§ **ASSIGNED TASK**: Could you return every line of the material that contains the word "Rdefinitions"?
_ _ _ _ _ _ _
(* (i) Let $A$ be a $3\times m$ matrix with entries in $\{0,1,-1\}$ and let $B\in\mathcal{Q}_0(A^t)$. Then $(AB)^{[2]}$ is a $P_0$-matrix, and no nonreal eigenvalue of $AB$ lies in the open left half-plane $\mathbb{C}_-$. (ii) Let $A$ be an $m\times 3$ matrix with entries in $\{0,1,-1\}$ and let $B\in\mathcal{Q}_0(A^t)$. Then no nonreal eigenvalue of $AB$ lies in $\mathbb{C}_-$.
   Context: For $M\in\mathbb{R}^{n\times m}$, $\mathcal{Q}(M)$ is the set of real matrices with the same entrywise sign pattern as $M$, and $\mathcal{Q}_0(M)$ its closure. A square real matrix is a $P_0$-matrix if all principal minors are nonnegative. $M^{[2]}$ denotes the second additive compound of a square matrix $M\in\mathbb{R}^{n\times n}$: the matrix of $u\wedge v\mapsto Mu\wedge v+u\wedge Mv$ on $\Lambda^2\mathbb{R}^n$ in the lexicographically ordered basis $e_i\wedge e_j$, $i<j$. *)

From HB Require Import structures.
From mathcomp Require Import all_boot all_order all_algebra.
From mathcomp Require Import complex.
From mathcomp Require Import Rstruct.
From Stdlib Require Rdefinitions.
Notation R := Rdefinitions.R.
Set Implicit Arguments. Unset Strict Implicit. Unset Printing Implicit Defensive.
Import Order.TTheory GRing.Theory Num.Theory.
Local Open Scope ring_scope.

(* Closure Q_0(M) of the sign-pattern class Q(M): entrywise, the sign of B i j
   is either 0 or the sign of M i j. *)
Definition in_Q0 (n m : nat) (M B : 'M[R]_(n, m)) : Prop :=
  forall i j, Num.sg (B i j) \in [:: 0; Num.sg (M i j)].

Definition entries_01m (n m : nat) (A : 'M[R]_(n, m)) : Prop :=
  forall i j, A i j \in [:: 0; 1; -1].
_ _ _ _ _ _ _
§ **RESULT OF THE TASK**:
From Stdlib Require Rdefinitions.
Notation R := Rdefinitions.R.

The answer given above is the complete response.